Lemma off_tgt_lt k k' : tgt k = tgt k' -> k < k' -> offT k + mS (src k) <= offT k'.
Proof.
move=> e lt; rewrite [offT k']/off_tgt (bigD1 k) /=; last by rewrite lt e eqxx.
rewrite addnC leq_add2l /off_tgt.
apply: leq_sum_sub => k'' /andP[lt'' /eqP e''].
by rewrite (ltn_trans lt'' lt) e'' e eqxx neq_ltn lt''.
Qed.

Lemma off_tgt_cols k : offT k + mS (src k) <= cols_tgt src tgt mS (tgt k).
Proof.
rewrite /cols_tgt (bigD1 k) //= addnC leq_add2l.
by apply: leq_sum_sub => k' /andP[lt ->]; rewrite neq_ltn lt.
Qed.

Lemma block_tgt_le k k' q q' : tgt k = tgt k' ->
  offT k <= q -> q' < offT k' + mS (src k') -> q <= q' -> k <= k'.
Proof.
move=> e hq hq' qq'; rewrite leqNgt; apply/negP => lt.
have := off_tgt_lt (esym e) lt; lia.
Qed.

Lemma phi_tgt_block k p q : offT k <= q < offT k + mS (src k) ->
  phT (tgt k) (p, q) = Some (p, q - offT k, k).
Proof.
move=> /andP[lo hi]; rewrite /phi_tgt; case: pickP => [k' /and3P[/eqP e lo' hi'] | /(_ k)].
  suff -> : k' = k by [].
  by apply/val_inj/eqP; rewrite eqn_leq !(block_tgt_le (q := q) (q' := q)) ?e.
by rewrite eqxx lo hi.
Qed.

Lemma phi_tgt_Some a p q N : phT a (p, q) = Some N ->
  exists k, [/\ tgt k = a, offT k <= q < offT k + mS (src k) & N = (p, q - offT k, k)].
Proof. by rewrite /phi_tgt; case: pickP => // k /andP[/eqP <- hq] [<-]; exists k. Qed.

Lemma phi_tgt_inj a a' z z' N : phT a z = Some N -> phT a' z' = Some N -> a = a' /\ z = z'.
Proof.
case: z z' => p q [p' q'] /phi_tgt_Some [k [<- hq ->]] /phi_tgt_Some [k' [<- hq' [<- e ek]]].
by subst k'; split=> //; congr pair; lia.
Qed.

####################

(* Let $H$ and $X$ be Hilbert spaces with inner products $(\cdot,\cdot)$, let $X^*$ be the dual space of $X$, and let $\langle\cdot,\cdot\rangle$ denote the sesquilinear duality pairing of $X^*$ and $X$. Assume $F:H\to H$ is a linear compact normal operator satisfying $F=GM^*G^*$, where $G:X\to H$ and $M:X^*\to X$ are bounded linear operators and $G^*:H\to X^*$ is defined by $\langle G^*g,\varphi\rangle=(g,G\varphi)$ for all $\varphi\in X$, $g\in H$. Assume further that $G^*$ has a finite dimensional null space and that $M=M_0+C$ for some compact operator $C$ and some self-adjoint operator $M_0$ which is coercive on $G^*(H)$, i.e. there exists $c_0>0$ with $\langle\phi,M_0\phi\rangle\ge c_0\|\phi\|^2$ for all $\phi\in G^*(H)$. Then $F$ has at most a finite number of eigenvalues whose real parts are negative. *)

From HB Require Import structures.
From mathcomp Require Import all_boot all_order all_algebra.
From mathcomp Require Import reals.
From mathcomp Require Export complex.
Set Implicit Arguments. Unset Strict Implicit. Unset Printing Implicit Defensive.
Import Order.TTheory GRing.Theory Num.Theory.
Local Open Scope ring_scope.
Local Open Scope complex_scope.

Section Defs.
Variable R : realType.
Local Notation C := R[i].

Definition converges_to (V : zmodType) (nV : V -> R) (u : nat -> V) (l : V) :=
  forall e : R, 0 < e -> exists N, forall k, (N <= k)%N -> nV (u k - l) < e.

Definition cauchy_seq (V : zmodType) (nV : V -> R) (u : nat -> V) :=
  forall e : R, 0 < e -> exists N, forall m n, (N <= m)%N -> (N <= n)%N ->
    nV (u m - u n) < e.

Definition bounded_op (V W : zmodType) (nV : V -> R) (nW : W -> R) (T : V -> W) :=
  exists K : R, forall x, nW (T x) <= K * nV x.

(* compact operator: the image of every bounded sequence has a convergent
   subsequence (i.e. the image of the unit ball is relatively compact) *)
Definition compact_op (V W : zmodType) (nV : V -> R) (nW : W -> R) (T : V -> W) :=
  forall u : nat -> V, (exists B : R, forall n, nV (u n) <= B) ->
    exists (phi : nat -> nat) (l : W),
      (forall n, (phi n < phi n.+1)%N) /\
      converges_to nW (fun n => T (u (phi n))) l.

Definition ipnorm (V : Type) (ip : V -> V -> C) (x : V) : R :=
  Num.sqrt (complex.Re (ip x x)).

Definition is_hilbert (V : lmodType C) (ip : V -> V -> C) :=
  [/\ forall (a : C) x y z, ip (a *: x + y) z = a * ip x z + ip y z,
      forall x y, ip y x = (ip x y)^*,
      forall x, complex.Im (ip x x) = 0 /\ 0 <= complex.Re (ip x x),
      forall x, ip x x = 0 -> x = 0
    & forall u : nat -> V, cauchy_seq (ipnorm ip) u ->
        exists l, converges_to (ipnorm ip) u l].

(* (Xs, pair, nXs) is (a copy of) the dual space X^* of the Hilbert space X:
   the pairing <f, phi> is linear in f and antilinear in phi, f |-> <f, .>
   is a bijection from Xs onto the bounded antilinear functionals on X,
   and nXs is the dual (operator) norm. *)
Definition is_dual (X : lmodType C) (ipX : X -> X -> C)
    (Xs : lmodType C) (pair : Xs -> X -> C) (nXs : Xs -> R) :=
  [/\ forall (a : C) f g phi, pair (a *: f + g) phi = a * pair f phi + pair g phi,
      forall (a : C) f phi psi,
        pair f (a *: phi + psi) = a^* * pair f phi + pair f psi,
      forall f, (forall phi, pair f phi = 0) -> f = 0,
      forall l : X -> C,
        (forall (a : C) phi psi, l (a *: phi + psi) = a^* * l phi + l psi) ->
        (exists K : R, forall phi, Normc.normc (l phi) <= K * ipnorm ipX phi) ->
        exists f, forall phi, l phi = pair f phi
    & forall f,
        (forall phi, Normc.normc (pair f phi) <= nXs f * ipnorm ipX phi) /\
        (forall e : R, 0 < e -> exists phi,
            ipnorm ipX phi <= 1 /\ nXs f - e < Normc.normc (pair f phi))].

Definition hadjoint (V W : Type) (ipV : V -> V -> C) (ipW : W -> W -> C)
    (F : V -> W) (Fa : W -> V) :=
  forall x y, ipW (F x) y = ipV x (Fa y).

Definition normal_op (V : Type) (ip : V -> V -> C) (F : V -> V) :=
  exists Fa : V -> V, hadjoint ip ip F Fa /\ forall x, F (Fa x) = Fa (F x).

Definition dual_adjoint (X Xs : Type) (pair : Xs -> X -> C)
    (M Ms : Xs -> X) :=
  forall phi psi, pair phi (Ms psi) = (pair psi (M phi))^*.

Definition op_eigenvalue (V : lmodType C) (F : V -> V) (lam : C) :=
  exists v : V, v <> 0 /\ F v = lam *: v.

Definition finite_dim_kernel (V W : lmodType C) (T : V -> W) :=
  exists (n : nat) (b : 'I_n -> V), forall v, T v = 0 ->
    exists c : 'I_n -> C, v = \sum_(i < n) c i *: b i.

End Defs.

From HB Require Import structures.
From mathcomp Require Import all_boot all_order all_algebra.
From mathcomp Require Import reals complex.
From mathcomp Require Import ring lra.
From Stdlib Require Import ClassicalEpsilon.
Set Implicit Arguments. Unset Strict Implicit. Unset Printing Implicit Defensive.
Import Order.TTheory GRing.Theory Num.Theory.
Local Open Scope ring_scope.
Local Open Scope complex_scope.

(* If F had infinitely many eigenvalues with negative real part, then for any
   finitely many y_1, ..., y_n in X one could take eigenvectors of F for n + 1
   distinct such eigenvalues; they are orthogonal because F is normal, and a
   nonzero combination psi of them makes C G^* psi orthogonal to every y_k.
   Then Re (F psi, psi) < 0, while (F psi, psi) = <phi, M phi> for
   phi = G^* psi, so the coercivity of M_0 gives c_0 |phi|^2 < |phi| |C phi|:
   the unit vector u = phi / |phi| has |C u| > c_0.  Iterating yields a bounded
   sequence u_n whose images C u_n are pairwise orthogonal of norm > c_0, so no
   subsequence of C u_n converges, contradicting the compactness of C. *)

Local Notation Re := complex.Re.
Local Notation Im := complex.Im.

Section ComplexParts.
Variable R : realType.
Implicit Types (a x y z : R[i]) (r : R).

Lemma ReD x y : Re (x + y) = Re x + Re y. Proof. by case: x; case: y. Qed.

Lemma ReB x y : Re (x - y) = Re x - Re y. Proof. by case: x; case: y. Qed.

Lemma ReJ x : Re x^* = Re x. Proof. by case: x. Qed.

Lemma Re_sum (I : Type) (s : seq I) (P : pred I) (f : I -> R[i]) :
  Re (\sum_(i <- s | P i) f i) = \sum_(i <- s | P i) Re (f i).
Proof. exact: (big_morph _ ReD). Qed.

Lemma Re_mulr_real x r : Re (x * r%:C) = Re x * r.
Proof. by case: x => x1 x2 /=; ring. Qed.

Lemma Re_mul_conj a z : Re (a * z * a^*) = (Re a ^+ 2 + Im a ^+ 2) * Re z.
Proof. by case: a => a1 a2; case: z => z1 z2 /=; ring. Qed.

####################

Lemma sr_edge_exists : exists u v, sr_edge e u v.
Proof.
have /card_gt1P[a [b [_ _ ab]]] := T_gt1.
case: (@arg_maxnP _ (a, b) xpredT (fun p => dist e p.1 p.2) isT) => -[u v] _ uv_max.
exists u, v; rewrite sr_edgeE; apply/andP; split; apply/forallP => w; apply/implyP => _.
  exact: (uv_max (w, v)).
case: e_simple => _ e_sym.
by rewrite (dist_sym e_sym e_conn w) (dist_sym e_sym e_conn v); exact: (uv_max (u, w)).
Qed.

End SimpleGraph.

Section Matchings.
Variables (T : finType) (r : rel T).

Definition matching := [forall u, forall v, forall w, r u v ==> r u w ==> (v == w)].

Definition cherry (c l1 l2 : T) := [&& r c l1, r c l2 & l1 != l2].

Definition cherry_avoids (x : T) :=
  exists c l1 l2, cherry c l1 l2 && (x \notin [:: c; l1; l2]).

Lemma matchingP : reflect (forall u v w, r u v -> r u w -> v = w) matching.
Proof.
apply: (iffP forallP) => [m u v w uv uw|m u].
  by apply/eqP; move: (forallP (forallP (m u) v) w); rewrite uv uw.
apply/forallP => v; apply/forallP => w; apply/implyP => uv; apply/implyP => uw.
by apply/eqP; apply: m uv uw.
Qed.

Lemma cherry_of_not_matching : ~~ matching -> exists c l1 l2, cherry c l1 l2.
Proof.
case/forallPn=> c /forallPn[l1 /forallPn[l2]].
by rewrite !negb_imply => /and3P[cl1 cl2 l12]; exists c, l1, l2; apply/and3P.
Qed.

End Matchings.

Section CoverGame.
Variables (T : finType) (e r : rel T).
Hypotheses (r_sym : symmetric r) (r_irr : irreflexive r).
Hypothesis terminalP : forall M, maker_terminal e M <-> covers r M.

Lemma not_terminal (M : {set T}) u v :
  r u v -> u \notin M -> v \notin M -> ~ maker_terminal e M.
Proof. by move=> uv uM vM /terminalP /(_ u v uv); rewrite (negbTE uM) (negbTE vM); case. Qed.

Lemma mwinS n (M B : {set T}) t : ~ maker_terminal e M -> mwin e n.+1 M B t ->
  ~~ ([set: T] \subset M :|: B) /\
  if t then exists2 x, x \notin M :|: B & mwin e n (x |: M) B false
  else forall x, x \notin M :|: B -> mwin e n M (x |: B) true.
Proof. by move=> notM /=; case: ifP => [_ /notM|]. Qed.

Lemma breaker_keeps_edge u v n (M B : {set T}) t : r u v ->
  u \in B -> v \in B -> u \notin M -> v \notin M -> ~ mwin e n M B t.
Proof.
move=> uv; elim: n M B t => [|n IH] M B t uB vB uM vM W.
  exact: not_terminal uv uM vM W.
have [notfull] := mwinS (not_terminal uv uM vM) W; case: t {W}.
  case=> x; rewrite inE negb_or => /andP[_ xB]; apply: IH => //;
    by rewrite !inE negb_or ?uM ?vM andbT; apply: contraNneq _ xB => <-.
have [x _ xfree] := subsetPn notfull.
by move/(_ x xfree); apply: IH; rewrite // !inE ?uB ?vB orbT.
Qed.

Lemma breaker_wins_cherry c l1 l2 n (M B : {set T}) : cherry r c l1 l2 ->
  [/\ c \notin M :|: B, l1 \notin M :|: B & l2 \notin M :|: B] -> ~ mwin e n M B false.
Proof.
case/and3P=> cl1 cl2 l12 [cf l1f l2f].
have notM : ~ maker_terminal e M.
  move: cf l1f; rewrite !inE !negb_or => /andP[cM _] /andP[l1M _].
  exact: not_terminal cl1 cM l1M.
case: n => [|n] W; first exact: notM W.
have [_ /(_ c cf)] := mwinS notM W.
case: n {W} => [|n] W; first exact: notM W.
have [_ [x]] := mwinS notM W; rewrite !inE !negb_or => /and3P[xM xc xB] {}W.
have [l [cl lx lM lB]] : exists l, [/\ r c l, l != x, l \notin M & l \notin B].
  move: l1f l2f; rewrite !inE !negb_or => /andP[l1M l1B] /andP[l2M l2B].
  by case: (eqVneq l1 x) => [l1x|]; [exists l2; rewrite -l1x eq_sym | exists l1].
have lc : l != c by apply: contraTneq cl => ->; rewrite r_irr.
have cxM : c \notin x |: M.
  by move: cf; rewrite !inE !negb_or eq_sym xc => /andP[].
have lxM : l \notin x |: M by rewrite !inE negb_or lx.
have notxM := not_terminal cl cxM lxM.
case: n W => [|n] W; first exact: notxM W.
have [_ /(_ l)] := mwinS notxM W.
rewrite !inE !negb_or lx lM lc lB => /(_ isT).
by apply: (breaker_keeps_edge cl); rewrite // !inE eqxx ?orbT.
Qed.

####################

• **Exercise details**
The required answer is the run of lines above, starting at the line with "(* If F had" and ending at the line with "Then Re (F psi, psi)", reproduced exactly with both ends.

• **Response to this task**
(* If F had infinitely many eigenvalues with negative real part, then for any
   finitely many y_1, ..., y_n in X one could take eigenvectors of F for n + 1
   distinct such eigenvalues; they are orthogonal because F is normal, and a
   nonzero combination psi of them makes C G^* psi orthogonal to every y_k.
   Then Re (F psi, psi) < 0, while (F psi, psi) = <phi, M phi> for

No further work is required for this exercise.